◆ **YOUR GOAL**:
Below are records; reproduce exactly the lines from the one that has "set q := Num.sqrt" through the one that has "by apply: mulr_ge0;", ends included, and nothing more.

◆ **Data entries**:

▬▬▬

(* Let $b>1$, $p\in\mathbb{R}$, $s<pb$, and set $\tilde c_s=\frac{p^2-s^2-b^2+1}{2(pb-s)}$ and $\tilde A_s=s^2-2\tilde c_ss-1$ $(=p^2-2bp\tilde c_s-b^2)$. The following are equivalent: (1) $s\ge\tilde c_s$; (2) there exists a unique function $\tilde\psi_s$, continuous on $[1,b]$ and differentiable on $(1,b)$, with $\tilde\psi_s(1)=s$, $\tilde\psi_s(b)=p$ and $\tilde\psi_s^2-2\tilde c_sx\tilde\psi_s-x^2=\tilde A_s$ on $[1,b]$; explicitly $\tilde\psi_s(x)=\tilde c_sx+\sqrt{\tilde A_s+(1+\tilde c_s^2)x^2}$. Moreover this solution satisfies $(x\tilde\psi_s)'>0$. *)

From HB Require Import structures.
From mathcomp Require Import all_boot all_order all_algebra.
From mathcomp Require Import all_classical all_reals all_analysis.
Set Implicit Arguments. Unset Strict Implicit. Unset Printing Implicit Defensive.
Import Order.TTheory GRing.Theory Num.Theory.
Import numFieldNormedType.Exports.
Local Open Scope classical_set_scope.
Local Open Scope ring_scope.

Definition ctil {R : realType} (b p s : R) : R :=
  (p ^+ 2 - s ^+ 2 - b ^+ 2 + 1) / (2 * (p * b - s)).

Definition Atil {R : realType} (b p s : R) : R :=
  s ^+ 2 - 2 * ctil b p s * s - 1.

Definition is_sol {R : realType} (b p s : R) (psi : R -> R) : Prop :=
  [/\ {within `[1, b], continuous psi},
      (forall x : R, x \in `]1, b[ -> derivable psi x 1),
      psi 1 = s, psi b = p &
      (forall x : R, x \in `[1, b] ->
         psi x ^+ 2 - 2 * ctil b p s * x * psi x - x ^+ 2 = Atil b p s)].

(* The equation
   psi^2 - 2 c x psi - x^2 = A says (psi - c x)^2 = D(x) := A + (1 + c^2) x^2,
   and the choice of c makes D(1) = (s - c)^2 and D(b) = (p - c b)^2 with
   p - c b > 0, so D > 0 on (1, b].  Hence psi - c x = +-sqrt D on (1, b] with
   a sign that cannot change there (intermediate value theorem), and the
   endpoint b forces the + sign.  At x = 1 this reads s = c + |s - c|, which is
   exactly c <= s.  Finally (x psi)' = (psi^2 + x^2) / sqrt D > 0. *)

From HB Require Import structures.
From mathcomp Require Import all_boot all_order all_algebra.
From mathcomp Require Import all_classical all_reals all_analysis.
From mathcomp Require Import ring lra.
Import Order.TTheory GRing.Theory Num.Theory.
Import numFieldNormedType.Exports.
Local Open Scope classical_set_scope.
Local Open Scope ring_scope.

Lemma continuous_sqr_eq_sqrt {R : realType} {f g : R -> R} {a b : R} :
  {within `[a, b], continuous f} -> {in `[a, b], forall y, f y ^+ 2 = g y} ->
  {in `]a, b], forall y, 0 < g y} -> 0 < f b ->
  {in `]a, b], forall y, f y = Num.sqrt (g y)}.
Proof.
move=> cf fg gpos fb x xab; have gx := gpos x xab.
have /orP[/eqP // | /eqP fxN] :
    (f x == Num.sqrt (g x)) || (f x == - Num.sqrt (g x)).
  by rewrite -eqf_sqr sqr_sqrtr ?ltW // fg // subset_itv_oc_cc.
have fx0 : f x < 0 by rewrite fxN oppr_lt0 sqrtr_gt0.
move: xab; rewrite in_itv /= => /andP[ax xb].
have cfx : {within `[x, b], continuous f}.
  by apply: continuous_subspaceW cf; apply: subset_itvr; rewrite bnd_simp ltW.
have [|z zxb fz0] := IVT xb cfx (v := 0).
  by rewrite ge_min le_max (ltW fx0) (ltW fb) orbT.
have zab : z \in `]a, b].
  by move: zxb; rewrite !in_itv /= => /andP[xz ->]; rewrite (lt_le_trans ax).
by have := gpos z zab; rewrite -fg ?subset_itv_oc_cc // fz0 expr0n ltxx.
Qed.

Section QuadraticRoot.
Context {R : realType}.
Variables (c A : R).

Definition quad_disc (x : R) : R := A + (1 + c ^+ 2) * x ^+ 2.
Definition quad_root (x : R) : R := c * x + Num.sqrt (quad_disc x).

Lemma quad_eqE (x y : R) :
  y ^+ 2 - 2 * c * x * y - x ^+ 2 = A <-> (y - c * x) ^+ 2 = quad_disc x.
Proof.
have e : (y - c * x) ^+ 2 - quad_disc x = y ^+ 2 - 2 * c * x * y - x ^+ 2 - A.
  by rewrite /quad_disc; ring.
split=> h; first by rewrite /quad_disc -h; ring.
by apply/subr0_eq/esym; rewrite -e h subrr.
Qed.

Lemma lt_quad_disc {x y : R} : 0 <= x -> x < y -> quad_disc x < quad_disc y.
Proof.
move=> x0 xy; have c1 : 0 < 1 + c ^+ 2 by rewrite ltr_pwDl ?sqr_ge0.
rewrite ltrD2l ltr_pM2l // ltr_pXn2r // ?nnegrE //.
exact: ltW (le_lt_trans x0 xy).
Qed.

Lemma quad_root_eq (x : R) : 0 <= quad_disc x ->
  quad_root x ^+ 2 - 2 * c * x * quad_root x - x ^+ 2 = A.
Proof. by move=> D0; apply/quad_eqE; rewrite /quad_root addrC addKr sqr_sqrtr. Qed.

Lemma continuous_quad_root : continuous quad_root.
Proof.
move=> x; apply: cvgD; first exact: mulrl_continuous.
apply: continuous_comp; last exact: sqrt_continuous.
apply: cvgD; first exact: cvg_cst.
by apply: cvgM; [exact: cvg_cst | apply: cvgM; exact: cvg_id].
Qed.

Lemma is_derive_quad_root (x : R) : 0 < quad_disc x ->
  is_derive x 1 quad_root (c + (1 + c ^+ 2) * x / Num.sqrt (quad_disc x)).
Proof.
move=> D0; have q0 : Num.sqrt (quad_disc x) != 0 by rewrite gt_eqF ?sqrtr_gt0.
have dD : is_derive x 1 quad_disc ((1 + c ^+ 2) * (2 * x)).
  by apply: is_derive_eq; rewrite add0r mul1r -[_ *: _]/(_ * _) -[x%:A]/(x * 1); ring.
have dsqrt := is_derive1_comp (is_derive1_sqrt D0) dD.
have dlin : is_derive x 1 ( *%R c) c.
  by apply: is_derive_eq; rewrite -[_ *: _]/(_ * _) mulr1.
apply: is_derive_eq (is_deriveD dlin dsqrt) _.
by field.
Qed.

Lemma mul_quad_root_derive_gt0 (x : R) : 0 < quad_disc x ->
  derivable (fun y : R => y * quad_root y) x 1 /\
  0 < 'D_1 (fun y : R => y * quad_root y) x.
Proof.
move=> D0; have dM := is_deriveM (is_derive_id x 1) (is_derive_quad_root x D0).
split; first exact: ex_derive.
rewrite derive_val.
set q := Num.sqrt (quad_disc x); have q0 : 0 < q by rewrite sqrtr_gt0.
have -> : x *: (c + (1 + c ^+ 2) * x / q) + quad_root x *: 1 =
    ((q + c * x) ^+ 2 + x ^+ 2) / q.
  by rewrite /quad_root -/q -![_ *: _]/(_ * _); field; rewrite gt_eqF.
rewrite divr_gt0 //; have [-> | x0] := eqVneq x 0.
  by rewrite mulr0 addr0 expr0n addr0 exprn_gt0.
by rewrite ltr_pwDr ?sqr_ge0 // exprn_even_gt0 ?x0.
Qed.

End QuadraticRoot.

Section TildePsi.
Context {R : realType}.
Variables (b p s : R).
Hypotheses (hb : 1 < b) (hs : s < p * b).
Local Notation c := (ctil b p s).
Local Notation A := (Atil b p s).

Lemma quad_disc_tilde1 : quad_disc c A 1 = (s - c) ^+ 2.
Proof. by rewrite /quad_disc /Atil; ring. Qed.

Lemma ctil_def : c * (2 * (p * b - s)) = p ^+ 2 - s ^+ 2 - b ^+ 2 + 1.
Proof. by rewrite /ctil divfK // mulf_neq0 // subr_eq0 gt_eqF. Qed.

Lemma quad_disc_tildeb : quad_disc c A b = (p - c * b) ^+ 2.
Proof.
apply/subr0_eq; rewrite -(subrr (c * (2 * (p * b - s)))) {2}ctil_def.
by rewrite /quad_disc /Atil; ring.
Qed.

Lemma ctil_mul_lt : c * b < p.
Proof.
have pbs : 0 < 2 * (p * b - s) by rewrite mulr_gt0 ?subr_gt0.
rewrite -subr_gt0 -(pmulr_lgt0 _ pbs).
have -> : (p - c * b) * (2 * (p * b - s)) =
    2 * p * (p * b - s) - b * (c * (2 * (p * b - s))) by ring.
have -> : 2 * p * (p * b - s) - b * (c * (2 * (p * b - s))) =
    (b - 1) * (p ^+ 2 + s ^+ 2) + (p - s) ^+ 2 + b * (b ^+ 2 - 1).
  by rewrite ctil_def; ring.
have b0 : 0 < b by rewrite (lt_trans ltr01).
have := sqr_ge0 (p - s).
have : 0 <= (b - 1) * (p ^+ 2 + s ^+ 2).
  by apply: mulr_ge0; [rewrite subr_ge0 ltW | rewrite addr_ge0 ?sqr_ge0].
have : 0 < b * (b ^+ 2 - 1) by rewrite mulr_gt0 // subr_gt0 expr_gt1 // ltW.
lra.
Qed.

Lemma quad_disc_tilde_gt0 {x : R} : 1 < x -> 0 < quad_disc c A x.
Proof.
move=> x1; apply: le_lt_trans (lt_quad_disc c A ler01 x1).
by rewrite quad_disc_tilde1 sqr_ge0.
Qed.

Lemma quad_disc_tilde_ge0 {x : R} : 1 <= x -> 0 <= quad_disc c A x.
Proof.
rewrite le_eqVlt => /orP[/eqP <- | /quad_disc_tilde_gt0/ltW //].
by rewrite quad_disc_tilde1 sqr_ge0.
Qed.

Lemma quad_root_tilde1 : (quad_root c A 1 == s) = (c <= s).
Proof.
rewrite /quad_root quad_disc_tilde1 sqrtr_sqr mulr1 -subr_ge0 ger0_def.
by rewrite addrC eq_sym -subr_eq eq_sym.
Qed.

Lemma quad_root_tildeb : quad_root c A b = p.
Proof.
rewrite /quad_root quad_disc_tildeb sqrtr_sqr gtr0_norm ?subr_gt0 ?ctil_mul_lt //.
by rewrite addrC subrK.
Qed.

Lemma is_sol_quad_root : c <= s -> is_sol b p s (quad_root c A).
Proof.
move=> cs; split.
- exact/continuous_subspaceT/continuous_quad_root.
- move=> x; rewrite in_itv /= => /andP[x1 _].
  have dq := is_derive_quad_root c A x (quad_disc_tilde_gt0 x1).
  exact: ex_derive.
- by apply/eqP; rewrite quad_root_tilde1.
- exact: quad_root_tildeb.
- move=> x; rewrite in_itv /= => /andP[x1 _].
  exact/quad_root_eq/quad_disc_tilde_ge0.
Qed.

Lemma sol_eq_quad_root_oc {phi : R -> R} :
  is_sol b p s phi -> {in `]1, b], phi =1 quad_root c A}.
Proof.
case=> cphi _ _ phib phiE x x1b.
have cf : {within `[1, b], continuous (phi - *%R c)}.
  exact/within_continuousB/continuous_subspaceT/mulrl_continuous.
have := continuous_sqr_eq_sqrt (g := quad_disc c A) cf _ _ _ x x1b.
rewrite /quad_root /= => <-.
- by rewrite addrC subrK.
- by move=> y y1b; apply/quad_eqE/phiE.
- by move=> y; rewrite in_itv /= => /andP[/quad_disc_tilde_gt0].
- by rewrite -[(phi - _) b]/(phi b - c * b) phib subr_gt0 ctil_mul_lt.
Qed.

Lemma sol_eq_quad_root_cc {phi : R -> R} : c <= s -> is_sol b p s phi ->
  {in `[1, b], phi =1 quad_root c A}.
Proof.
move=> cs sol x; rewrite in_itv /= le_eqVlt => /andP[/orP[/eqP <- _ | x1 xb]].
  by case: sol => _ _ -> _ _; apply/esym/eqP; rewrite quad_root_tilde1.
by apply: sol_eq_quad_root_oc; rewrite // in_itv /= x1 xb.
Qed.

Lemma sol_mul_derive_gt0 (psi : R -> R) : is_sol b p s psi ->
  {in `]1, b[, forall x, derivable (fun y : R => y * psi y) x 1 /\
                         0 < 'D_1 (fun y : R => y * psi y) x}.
Proof.
move=> sol x x1b; have x1 : 1 < x by move: x1b; rewrite in_itv => /andP[].
have near_psi : \forall y \near x, y * quad_root c A y = y * psi y.
  near=> y; have y1b : y \in `]1, b[ by near: y; exact: near_in_itvoo.
  by rewrite (sol_eq_quad_root_oc sol) // subset_itv_oo_oc.
have [dq Dq] := mul_quad_root_derive_gt0 c A x (quad_disc_tilde_gt0 x1).
split; first exact: (near_eq_derivable near_psi dq).
by rewrite -(near_eq_derive (1 : R) near_psi).
Unshelve. all: by end_near.
Qed.

End TildePsi.

Theorem lemma4p5 (R : realType) (b p s : R) (hb : 1 < b) (hs : s < p * b) :
  (ctil b p s <= s <->
    exists psi : R -> R,
      [/\ is_sol b p s psi,
          (forall phi : R -> R, is_sol b p s phi ->
             forall x : R, x \in `[1, b] -> phi x = psi x) &
          (forall x : R, x \in `[1, b] ->
             psi x = ctil b p s * x
                     + Num.sqrt (Atil b p s + (1 + ctil b p s ^+ 2) * x ^+ 2))])
  /\
  (ctil b p s <= s -> forall psi : R -> R, is_sol b p s psi ->
     forall x : R, x \in `]1, b[ ->
       derivable (fun y : R => y * psi y) x 1 /\
       0 < 'D_1 (fun y : R => y * psi y) x).
Proof.
split; last by move=> _ psi; exact: sol_mul_derive_gt0.
split=> [cs | [psi [[_ _ psi1 _ _] _ psiE]]].
  exists (quad_root (ctil b p s) (Atil b p s)); split.
  - exact: is_sol_quad_root.
  - by move=> phi; apply: sol_eq_quad_root_cc.
  - by [].
have psi1E : psi 1 = quad_root (ctil b p s) (Atil b p s) 1.
  by rewrite psiE // in_itv /= lexx ltW.
by rewrite -(quad_root_tilde1 b p s) -psi1E psi1.
Qed.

▬▬▬

◆ **ANSWER BOX**:
set q := Num.sqrt (quad_disc x); have q0 : 0 < q by rewrite sqrtr_gt0.
have -> : x *: (c + (1 + c ^+ 2) * x / q) + quad_root x *: 1 =
    ((q + c * x) ^+ 2 + x ^+ 2) / q.
  by rewrite /quad_root -/q -![_ *: _]/(_ * _); field; rewrite gt_eqF.
rewrite divr_gt0 //; have [-> | x0] := eqVneq x 0.
  by rewrite mulr0 addr0 expr0n addr0 exprn_gt0.
by rewrite ltr_pwDr ?sqr_ge0 // exprn_even_gt0 ?x0.
Qed.

End QuadraticRoot.

Section TildePsi.
Context {R : realType}.
Variables (b p s : R).
Hypotheses (hb : 1 < b) (hs : s < p * b).
Local Notation c := (ctil b p s).
Local Notation A := (Atil b p s).

Lemma quad_disc_tilde1 : quad_disc c A 1 = (s - c) ^+ 2.
Proof. by rewrite /quad_disc /Atil; ring. Qed.

Lemma ctil_def : c * (2 * (p * b - s)) = p ^+ 2 - s ^+ 2 - b ^+ 2 + 1.
Proof. by rewrite /ctil divfK // mulf_neq0 // subr_eq0 gt_eqF. Qed.

Lemma quad_disc_tildeb : quad_disc c A b = (p - c * b) ^+ 2.
Proof.
apply/subr0_eq; rewrite -(subrr (c * (2 * (p * b - s)))) {2}ctil_def.
by rewrite /quad_disc /Atil; ring.
Qed.

Lemma ctil_mul_lt : c * b < p.
Proof.
have pbs : 0 < 2 * (p * b - s) by rewrite mulr_gt0 ?subr_gt0.
rewrite -subr_gt0 -(pmulr_lgt0 _ pbs).
have -> : (p - c * b) * (2 * (p * b - s)) =
    2 * p * (p * b - s) - b * (c * (2 * (p * b - s))) by ring.
have -> : 2 * p * (p * b - s) - b * (c * (2 * (p * b - s))) =
    (b - 1) * (p ^+ 2 + s ^+ 2) + (p - s) ^+ 2 + b * (b ^+ 2 - 1).
  by rewrite ctil_def; ring.
have b0 : 0 < b by rewrite (lt_trans ltr01).
have := sqr_ge0 (p - s).
have : 0 <= (b - 1) * (p ^+ 2 + s ^+ 2).
  by apply: mulr_ge0; [rewrite subr_ge0 ltW | rewrite addr_ge0 ?sqr_ge0].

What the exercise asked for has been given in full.